В 2015 году бизнес-объединения после многих месяцев вялой дискуссии с Минэкономразвития о том, нужно или не нужно писать рамочный закон о контроле и надзоре в РФ, наконец нашли себе союзника. Им стал министр по вопросам Открытого правительства Михаил Абызов, которого глава правительства сделал соисполнителем вместе с Минэкономразвития «дорожной карты» по контрольно-надзорной деятельности, а к 1 апреля указал эту «карту» внести в правительство.
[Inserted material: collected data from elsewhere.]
(* Let $G$ be a disjoint union of finitely many star graphs $S_{n_1},\dots,S_{n_r}$ ($r\ge 1$, each $n_i\ge 1$). Under optimal play, the result of the Sign Game on $G$ is: (1) a draw if every $n_i$ is even; (2) a win for Player 2 if at least one $n_i$ is odd and the number of indices $i$ with $n_i$ even is even; (3) a win for Player 1 if at least one $n_i$ is odd and the number of indices $i$ with $n_i$ even is odd.
   Context: The Sign Game on a finite simple undirected graph $G$: two players, Player P and Player N, alternate turns; the player who moves first is called Player 1 and the other Player 2 (either of P, N may be Player 1). On a turn, a player chooses a vertex of $G$ not yet assigned a value and assigns it $+1$ or $-1$. The game ends when every vertex has been assigned. The score of an edge $uv$ is the product of the values of $u$ and $v$, and the score $s(G)$ of the game is the sum of the scores of all edges. Player P wins if $s(G)>0$, Player N wins if $s(G)<0$, and the game is a draw if $s(G)=0$. ''Under optimal play'' means both players play optimally, each with primary goal of winning and secondary goal of at least drawing; the result is the outcome of this finite perfect-information game under such play. The star graph $S_n$ has $n+1$ vertices: one central vertex adjacent to each of $n$ leaves, with no other edges. *)

From mathcomp Require Import all_boot all_order all_algebra.
Set Implicit Arguments. Unset Strict Implicit. Unset Printing Implicit Defensive.
Import Order.TTheory GRing.Theory Num.Theory.
Local Open Scope ring_scope.

(* The Sign Game on a finite simple graph given by an (irreflexive,
   symmetric) adjacency relation e on a finite vertex type T. *)
Section SignGame.
Variables (T : finType) (e : rel T).

(* A (partial) assignment: None = not yet assigned, Some true = +1,
   Some false = -1. *)
Definition assignment := {ffun T -> option bool}.

Definition spin (a : assignment) (x : T) : int :=
  match a x with Some true => 1 | Some false => -1 | None => 0 end.

Definition edges : {set {set T}} :=
  [set E : {set T} | [exists x, exists y, e x y && (E == [set x; y])]].

Definition score (a : assignment) : int :=
  \sum_(E in edges) \prod_(x in E) spin a x.

Definition unassigned (a : assignment) : seq T :=
  [seq x <- enum T | a x == None].

Definition moves (a : assignment) : seq (T * bool) :=
  [seq (x, b) | x <- unassigned a, b <- [:: true; false]].

Definition assign (a : assignment) (m : T * bool) : assignment :=
  [ffun y => if y == m.1 then Some m.2 else a y].

(* Minimax value of the outcome sgz(s(G)) in {-1,0,1}: +1 = P wins,
   0 = draw, -1 = N wins.  P (to move when pturn = true) maximises,
   N minimises.  k is fuel (number of remaining moves). *)
Fixpoint value (k : nat) (pturn : bool) (a : assignment) : int :=
  match k with
  | 0%N => sgz (score a)
  | k'.+1 =>
      if nilp (moves a) then sgz (score a)
      else if pturn then
        foldr Num.max (-1) [seq value k' (~~ pturn) (assign a m) | m <- moves a]
      else
        foldr Num.min 1 [seq value k' (~~ pturn) (assign a m) | m <- moves a]
  end.

(* Result of the game from the empty position; p_first = Player P moves
   first (i.e. P is Player 1). *)
Definition game_value (p_first : bool) : int :=
  value #|T| p_first [ffun _ => None].

(* Outcomes in terms of Player 1 / Player 2, for either assignment of
   the roles P, N to Player 1. *)
Definition sign_game_draw : Prop := forall p_first, game_value p_first = 0.
Definition player1_wins : Prop :=
  forall p_first, game_value p_first = (if p_first then 1 else -1).
Definition player2_wins : Prop :=
  forall p_first, game_value p_first = (if p_first then -1 else 1).

End SignGame.

(* Disjoint union of stars S_{n_1}, ..., S_{n_r}, ns = [:: n_1; ...; n_r].
   Vertex (i, j): star i, j = 0 its centre, j = 1..n_i its leaves. *)
Definition stars_vertex (ns : seq nat) : finType :=
  {i : 'I_(size ns) & 'I_(nth 0%N ns i).+1}.

Definition stars_adj (ns : seq nat) : rel (stars_vertex ns) :=
  fun u v => (tag u == tag v) &&
             ((val (tagged u) == 0%N) != (val (tagged v) == 0%N)).

(* A star whose centre has value c and whose leaves carry p values +1 and
   m values -1 contributes c (p - m) to the score.  The player [sig] who is to win keeps
   the invariant: a star with free centre has p = m, a star with assigned centre
   contributes (seen by [sig]) exactly 1 if its number of leaves is odd and 0 if it is
   even, and the number of even stars with free centre is even.  Every opponent move is
   answered in the same star, except a move on the centre of an even star, which is
   answered by taking the centre of another even star.  At the end some star is odd, so
   the score has the sign of [sig].  Player 2 starts in the invariant when the number of
   even stars is even; otherwise Player 1 first takes the centre of an even star.  When
   all stars are even, either player keeps every contribution nonnegative by answering
   leaves with opposite leaves, which forces a draw. *)

From mathcomp Require Import all_boot all_order all_algebra.
From mathcomp Require Import zify.
Set Implicit Arguments. Unset Strict Implicit. Unset Printing Implicit Defensive.
Import Order.TTheory GRing.Theory Num.Theory.
Local Open Scope ring_scope.

(** * Minimax values and strategies *)

Section GameValue.
Variables (T : finType) (e : rel T).
Local Notation position := (assignment T).

Definition free_vertices (a : position) := #|[pred x | a x == None]|.

Lemma mem_moves (a : position) v b : ((v, b) \in moves a) = (a v == None).
Proof.
rewrite /moves; apply/allpairsPdep/idP.
- by case=> x [y [+ _ [-> _]]]; rewrite mem_filter => /andP[].
- by move=> h; exists v, b; rewrite mem_filter h mem_enum; case: b.
Qed.

Lemma nil_moves_assigned (a : position) v : nilp (moves a) -> a v != None.
Proof.
move=> /nilP nil_a; apply/negP => /eqP a_v.
by have := mem_moves a v true; rewrite nil_a a_v eqxx.
Qed.

Lemma free_vertices_assign (a : position) m :
  m \in moves a -> free_vertices a = (free_vertices (assign a m)).+1.
Proof.
case: m => v b; rewrite mem_moves => a_v.
rewrite /free_vertices (cardD1 v) inE a_v add1n; congr _.+1; apply: eq_card => x.
by rewrite !inE ffunE /=; case: (x =P v) => [->|].
Qed.

Lemma free_vertices0_moves (a : position) : free_vertices a = 0%N -> nilp (moves a).
Proof.
move=> free0; case E: (moves a) => [//|m s].
have m_a : m \in moves a by rewrite E mem_head.
by move: (free_vertices_assign m_a); rewrite free0.
Qed.

Lemma free_vertices_unassigned : free_vertices [ffun=> None] = #|T|.
Proof. by apply: eq_card => x; rewrite !inE ffunE. Qed.

Lemma le_foldr_max (s : seq int) d x : x \in s -> x <= foldr Num.max d s.
Proof.
by elim: s => //= y s IH; rewrite inE le_max => /orP[/eqP->|/IH->]; rewrite ?lexx ?orbT.
Qed.

Lemma foldr_max_le (s : seq int) d t :
  d <= t -> all (<= t) s -> foldr Num.max d s <= t.
Proof. by move=> dt; elim: s => //= y s IH /andP[yt st]; rewrite ge_max yt IH. Qed.

Lemma foldr_min_le (s : seq int) d x : x \in s -> foldr Num.min d s <= x.
Proof.
by elim: s => //= y s IH; rewrite inE ge_min => /orP[/eqP->|/IH->]; rewrite ?lexx ?orbT.
Qed.

Lemma le_foldr_min (s : seq int) d t :
  t <= d -> all (>= t) s -> t <= foldr Num.min d s.
Proof. by move=> td; elim: s => //= y s IH /andP[ty st]; rewrite le_min ty IH. Qed.

Lemma value_range k p (a : position) : -1 <= value e k p a <= 1.
Proof.
elim: k p a => [|k IH] p a /=; first by case: sgzP.
case: ifP => [_|]; first by case: sgzP.
case E: (moves a) => [//|m s] _; rewrite -E.
have m_a : m \in moves a by rewrite E mem_head.
have child_range m' := IH (~~ p) (assign a m').
case: p child_range => child_range; apply/andP; split.
- by apply: le_trans (le_foldr_max _ (map_f _ m_a)); case/andP: (child_range m).
- by apply: foldr_max_le => //; apply/allP => _ /mapP[m' _ ->]; case/andP: (child_range m').
- by apply: le_foldr_min => //; apply/allP => _ /mapP[m' _ ->]; case/andP: (child_range m').
- by apply: le_trans (foldr_min_le _ (map_f _ m_a)) _; case/andP: (child_range m).
Qed.

(* [sgn sig * v] is the outcome [v] seen by P if [sig], by N otherwise. *)
Definition sgn (sig : bool) : int := if sig then 1 else -1.

Lemma sgn_sgz sig (x : int) : sgn sig * sgz x = sgz (sgn sig * x).
Proof. by rewrite sgzM; case: sig. Qed.

Lemma value_turn_ge k sig (a : position) m t :
  m \in moves a -> t <= sgn sig * value e k (~~ sig) (assign a m) ->
  t <= sgn sig * value e k.+1 sig a.
Proof.
move=> m_a; have /= -> : nilp (moves a) = false by case: (moves a) m_a.
case: sig => /=; rewrite ?mul1r ?mulN1r => child.
- exact: le_trans child (le_foldr_max _ (map_f _ m_a)).
- by rewrite lerNr (le_trans (foldr_min_le _ (map_f _ m_a))) // -lerNr.
Qed.

Lemma value_other_turn_ge k sig (a : position) t :
  t <= 1 -> ~~ nilp (moves a) ->
  (forall m, m \in moves a -> t <= sgn sig * value e k sig (assign a m)) ->
  t <= sgn sig * value e k.+1 (~~ sig) a.
Proof.
move=> t1 /negbTE /= -> child; rewrite negbK.
case: sig child => /= child; rewrite ?mul1r ?mulN1r.
- apply: le_foldr_min => //; apply/allP => _ /mapP[m m_a ->].
  by have := child m m_a; rewrite mul1r.
- rewrite lerNr; apply: foldr_max_le; first by rewrite lerNr opprK.
  by apply/allP => _ /mapP[m m_a ->] /=; rewrite lerNr -mulN1r child.
Qed.

Section Strategy.
Variables (sig : bool) (t : int) (Inv : position -> Prop).

Definition can_maintain (a : position) :=
  (Inv a /\ nilp (moves a)) \/ exists2 m, m \in moves a & Inv (assign a m).

Hypothesis t_le1 : t <= 1.
Hypothesis Inv_final : forall a, Inv a -> nilp (moves a) -> t <= sgn sig * sgz (score e a).
Hypothesis Inv_reply : forall a m, Inv a -> m \in moves a -> can_maintain (assign a m).

Lemma strategy_value_ge k (a : position) : free_vertices a = k ->
  (Inv a -> t <= sgn sig * value e k (~~ sig) a) /\
  (can_maintain a -> t <= sgn sig * value e k sig a).
Proof.
elim: k a => [|k IH] a free_a.
  have /= nil_a := free_vertices0_moves free_a.
  split=> [Inv_a|[[Inv_a _]|[m m_a _]]]; try exact: Inv_final.
  by rewrite (nilP nil_a) in m_a.
have free_child m : m \in moves a -> free_vertices (assign a m) = k.
  by move/free_vertices_assign; rewrite free_a => -[].
split=> [Inv_a | [[Inv_a nil_a]|[m m_a Inv_am]]].
- case: (boolP (nilp (moves a))) => [nil_a|cont_a].
    by rewrite /= nil_a; apply: Inv_final.
  apply: (value_other_turn_ge t_le1 cont_a) => m m_a.
  by have [_ ->] := IH _ (free_child m m_a); last exact: Inv_reply.
- by rewrite /= nil_a; apply: Inv_final.
- apply: (value_turn_ge m_a).
  by have [-> //] := IH _ (free_child m m_a).
Qed.

Lemma game_value_second_ge : Inv [ffun=> None] -> t <= sgn sig * game_value e (~~ sig).
Proof. by have [+ _] := strategy_value_ge free_vertices_unassigned. Qed.

Lemma game_value_first_ge : can_maintain [ffun=> None] -> t <= sgn sig * game_value e sig.
Proof. by have [_ +] := strategy_value_ge free_vertices_unassigned. Qed.

End Strategy.

Lemma game_value_winner sig p : 1 <= sgn sig * game_value e p -> game_value e p = sgn sig.
Proof.
by have := value_range #|T| p [ffun=> None]; rewrite /game_value; case: sig => /=; lia.
Qed.

End GameValue.

(** * A single star *)

Record star_state := StarState {
  centre : option bool; nplus : nat; nminus : nat; nfree : nat }.

(* [star_move true b] labels a free leaf with [b], [star_move false b] the centre. *)
Definition star_move (leaf b : bool) (s : star_state) : star_state :=
  let: StarState c p m f := s in
  if leaf then StarState c (p + b) (m + ~~ b) f.-1 else StarState (Some b) p m f.

Definition legal_move (leaf : bool) (s : star_state) : bool :=
  if leaf then (0 < nfree s)%N else centre s == None.

Definition margin (sig : bool) (s : star_state) : int :=
  if centre s is Some c then sgn (sig == c) * ((nplus s)%:Z - (nminus s)%:Z) else 0.

Definition win_star (sig : bool) (n : nat) (s : star_state) : Prop :=
  if centre s is Some _ then margin sig s = odd n else nplus s = nminus s.

Definition draw_star (sig : bool) (s : star_state) : Prop :=
  if centre s is Some _ then 0 <= margin sig s else nplus s = nminus s.

Lemma win_star_reply sig n s leaf b :
  (nplus s + nminus s + nfree s)%N = n -> win_star sig n s -> legal_move leaf s ->
  leaf || odd n ->
  exists leaf' b', let s' := star_move leaf' b' (star_move leaf b s) in
    [/\ legal_move leaf' (star_move leaf b s), win_star sig n s'
      & odd n \/ centre s' = centre s].
Proof.
(* A centre move on an odd star is answered by a leaf of the sign favourable to [sig], a
   leaf move on an odd star with free centre by that centre; any other leaf move by the
   opposite leaf, which is free because [nfree s] is even by parity. *)
rewrite /win_star /margin /legal_move; case: s => c p m f /=.
have := odd_double_half n; case: leaf => n_parity n_count win legal /=; last first.
  move/eqP: legal => c0 odd_n; subst c; exists true, (sig == b);
  rewrite odd_n in n_parity *.
  by split; [lia | case: sig b win => -[] /= | left]; lia.
case: (boolP ((c == None) && odd n)) => [/andP[/eqP c0 odd_n]|not_open_odd] _.
  subst c; exists false, (sig == b); rewrite odd_n in n_parity *.
  by split=> //; [case: sig b win => -[] /= | left]; lia.
exists true, (~~ b); split; last by right.
- move: win not_open_odd; case: (odd n) in n_parity *;
  by case: c => [[]|]; case: sig b => -[] //= *; lia.
- by move: win {not_open_odd}; case: c => [[]|]; case: sig b => -[] //= *; lia.
Qed.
Для среднего и мелкого бизнеса визиты чиновников Роспотребнадзора, МЧС, Ростехнадзора, Роструда и еще четырех десятков ведомств — это угроза. Между тем разрабатывавшаяся уже много лет реформа контрольно-надзорной деятельности неожиданно получила шанс на быструю реализацию
Практически в финальной версии «дорожной карты» обещается довольно многое и довольно быстро. До 2017 года государственные органы контроля и надзора должны создать систему из закона о КНД (его замминистра экономического развития Олег Фомичев обещал внести в Госдуму не позже начала июня) и нормативных актов, в которых большая часть «госконтроля соответствия» заменяется на «риск-ориентированный контроль и надзор». На практике это должно выглядеть так. Все проверяемые государственными органами юридические и физические лица должны быть поделены на группы опасности в зависимости от того, какие потенциальные риски для потребителей или для государства может нести их деятельность. Частота плановых и внеплановых проверок соблюдения бизнесом той или иной нормы должна будет зависеть от того, какой вообще риск может генерировать бизнес: так, МЧС в этой ситуации должно будет отказаться от пожарных проверок кинотеатров под открытым небом, ибо там почти нечему гореть, а вот бензоколонки проверять раз в год. Одновременно должны быть описаны все виды, способы и формы госконтроля, составлен закрытый список нормативных актов, которому должен соответствовать конкретный бизнес (сейчас таких списков, не удивляйтесь, нет ни в одном ведомстве РФ), и «нетипичные» и «инновационные» проверки будут объявлены незаконными. Наконец, при первом нарушении проверяющие будут обязаны лишь выпускать по большинству типов отступления от норм предупреждение — но не выписывать штраф.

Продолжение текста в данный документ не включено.